Tom Gallagher – Credit Suisse: First question is, of the $600 million of costs saves that you’re targeting, can you tell us where you’re at on that. How much is in this quarter’s run rate to-date and how much is still on the come through. I think Steve, you guys had said, the $600 million should be realized by the end of ’14, how much is still to come on that?

Steven A. Kandarian – Chairman, President and CEO: We’ve got net – and this is mainly hitting to the U.S. There is about $115 million, but we have some one-time costs about $40 million so the net to the bottom line is about $75 million.

Tom Gallagher – Credit Suisse: John, is that $75 million per quarter is hitting the bottom line right now?

John C.R. Hele – EVP and CFO: Yes.

Tom Gallagher – Credit Suisse: So you’re not… sorry, go ahead.

John C.R. Hele – EVP and CFO: So it’s really $115 million, but there is a one-time cost of $40 million.

Tom Gallagher – Credit Suisse: You’re not stripping out that one – or are you stripping out that one-time cost from operating?

John C.R. Hele – EVP and CFO: No, it’s included.

Tom Gallagher – Credit Suisse: Got it, okay. That would be restructuring cost I presume?

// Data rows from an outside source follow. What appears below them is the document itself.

Lemma S2_dcoset s : S2 s -> dcoset Gamma0_2plus beta Gamma0_2 s.
Proof.
move=> [x [y [z [-> [x_gt0 [_ [xz_2m [_ [_ [/eqP xyz1 [x_even z_even]]]]]]]]]]].
rewrite odd_absz negbK in x_even; rewrite odd_absz negbK in z_even.
have [k /coprimezP[[u v] /= uv1]] := exists_coprimez_addMr (lt0r_neq0 x_gt0) xyz1.
exists (intmx (- (x * u) - y * v) k (- (z * v)) (-1) *m w2).
exists (intmx v (- u) x (y + k * z)).
split.
  right; exists (intmx (- (x * u) - y * v) k (- (z * v)) (-1)); split=> //.
  by apply: Gamma0_2_intmx; [rewrite -[RHS]uv1; ring | rewrite rpredN dvdz_mulr].
split; first by apply: Gamma0_2_intmx; [rewrite -[RHS]uv1; ring |].
case/dvdzP: x_even xz_2m uv1 => x' -> xz_2m uv1.
have em : m%:Z = x' * z.
  by rewrite PoszM in xz_2m; apply: (@mulfI _ 2%:Z) => //; rewrite -xz_2m; ring.
rewrite mulmx_w2 -!scalemxAl; congr (_ *: _); rewrite em !intmxM; congr intmx.
- by apply: (eq_mod1 (F := - (x' * 2)) uv1); ring.
- by apply: (eq_mod1 (F := - y) uv1); ring.
- ring.
- by apply: (eq_mod1 (F := - z) uv1); ring.
Qed.

Lemma M2_dcoset s : M2 s -> dcoset Gamma0_2plus beta Gamma0_2 s.
Proof.
case=> [/S1_dcoset | /S2_dcoset //].
by apply: dcosetS => //; apply: Gamma0_2_plus.
Qed.

Lemma beta_conj_alpha : beta = - w2 *m alpha *m w2.
Proof. by rewrite -mulmxA diag_w2 mulmxA mulNmx w2_sqr opprK mul1mx. Qed.

Lemma alpha_conj_beta : alpha = w2 *m beta *m - w2.
Proof. by rewrite -diag_w2 -mulmxA mulmxN w2_sqr opprK mulmx1. Qed.

Lemma dcoset_alpha_Gamma0_2 g :
  dcoset Gamma0_2plus alpha Gamma0_2 g <-> cosets_union Gamma0_2plus (M1) g.
Proof.
apply: dcoset_eq_cosets_union => [|b Gb | s M1s]; first exact: Gamma0_2plus_mul.
  by apply: cosets_unionS (alpha_mul_cosets_M1 Gb) => //; apply: Gamma0_2_plus.
by apply: dcosetS (M1_dcoset M1s) => //; apply: Gamma0_2_plus.
Qed.

Lemma dcoset_beta_Gamma0_2 g :
  dcoset Gamma0_2plus beta Gamma0_2 g <-> cosets_union Gamma0_2plus (M2) g.
Proof.
apply: dcoset_eq_cosets_union;
  [exact: Gamma0_2plus_mul | exact: beta_mul_cosets_M2 | exact: M2_dcoset].
Qed.

Lemma dcoset_beta_alpha g :
  dcoset Gamma0_2plus beta Gamma0_2plus g <-> dcoset Gamma0_2plus alpha Gamma0_2plus g.
Proof.
have Gmul := @Gamma0_2plus_mul R.
split; [apply: (dcoset_factor Gmul Gmul beta_conj_alpha)
       | apply: (dcoset_factor Gmul Gmul alpha_conj_beta)];
  by [exact: Gamma0_2plus_w2 | exact: Gamma0_2plus_Nw2].
Qed.

Lemma dcoset_alpha_Gamma0_2plus g :
  dcoset Gamma0_2plus alpha Gamma0_2plus g <-> cosets_union Gamma0_2plus (Mm) g.
Proof.
apply: dcoset_eq_cosets_union => [|b [Gb | [u [Gu ->]]] | s [M1s | M2s]].
- exact: Gamma0_2plus_mul.
- apply: cosets_unionS (alpha_mul_cosets_M1 Gb); first exact: Gamma0_2_plus.
  by move=> s; left.
- have [u' Gu' [_ ->]] := Gamma0_2_conj_w2 Gu.
  rewrite mulmxA diag_w2 -mulmxA.
  apply: cosets_unionMl; [exact: Gamma0_2plus_mul | exact: Gamma0_2plus_w2 |].
  by apply: cosets_unionS (beta_mul_cosets_M2 Gu') => // s; right.
- by apply: dcosetS (M1_dcoset M1s); apply: Gamma0_2_plus.
- apply/dcoset_beta_alpha; apply: dcosetS (M2_dcoset M2s) => //.
  exact: Gamma0_2_plus.
Qed.

End DoubleCosets.

Theorem proposition2p1 (R : realType) (m : nat) (m_gt0 : (0 < m)%N)
    (m_even : ~~ odd m) :
  (forall g : 'M[R]_2,
      dcoset (@Gamma0_2plus R) (@intmx R 1 0 0 m%:Z) (@Gamma0_2 R) g <->
      cosets_union (@Gamma0_2plus R) (@M1 R m) g) /\
  (forall g : 'M[R]_2,
      dcoset (@Gamma0_2plus R) (@intmx R m%:Z 0 0 1) (@Gamma0_2 R) g <->
      cosets_union (@Gamma0_2plus R) (@M2 R m) g) /\
  (forall g : 'M[R]_2,
      (dcoset (@Gamma0_2plus R) (@intmx R m%:Z 0 0 1) (@Gamma0_2plus R) g <->
       dcoset (@Gamma0_2plus R) (@intmx R 1 0 0 m%:Z) (@Gamma0_2plus R) g) /\
      (dcoset (@Gamma0_2plus R) (@intmx R 1 0 0 m%:Z) (@Gamma0_2plus R) g <->
       cosets_union (@Gamma0_2plus R) (@Mm R m) g)).
Proof.
split; first exact: dcoset_alpha_Gamma0_2.
split; first exact: dcoset_beta_Gamma0_2.
by move=> g; split; [exact: dcoset_beta_alpha | exact: dcoset_alpha_Gamma0_2plus].
Qed.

John C.R. Hele – EVP and CFO: Yes, but some of our reinvestment, the $600 million is a net number, so we plan to get to $1 billion with a $400 million reinvest over time when we get out there. So we’ll start to have some more reinvest hitting in, in future periods as well.

Tom Gallagher – Credit Suisse: So should I view that that you guys are more than half of the way there? Should I be netting that against the full year $600 million pre-tax number? Or should I be netting that against $1 billion? I just want to understand how you’re thinking about that $115 million in the context to your goal…

John C.R. Hele – EVP and CFO: Yeah, I’d say we’re about halfway there, may be a third to a half. The reinvestment timing is still going to be phased in. But we’ve made good progress here.

Tom Gallagher – Credit Suisse: Got it. Then my follow-up is, just want to understand the yen sensitivity a little bit better at a higher level. Can you tell us what percent of your Asia earnings are actually Japan? Because you know obviously Korea is a pretty big contributor, so I want to understand of the $330 million, how much is Japan and of the Japan how much are yen denominated earnings versus U.S. dollar denominated earnings?

Christopher G. Townsend – President, Asia: It’s Chris Townsend here. Let me just wade in and give you the number in terms of the Japan proportion of the $333 million. The Japan earnings overall for the quarter are ($383 million) (indiscernible) $333 million. I think we’re about 65% yen-based earnings on that.

Tom Gallagher – Credit Suisse: Chris, that’s 65% yen based of the $303 million?

Christopher G. Townsend – President, Asia: That’s correct.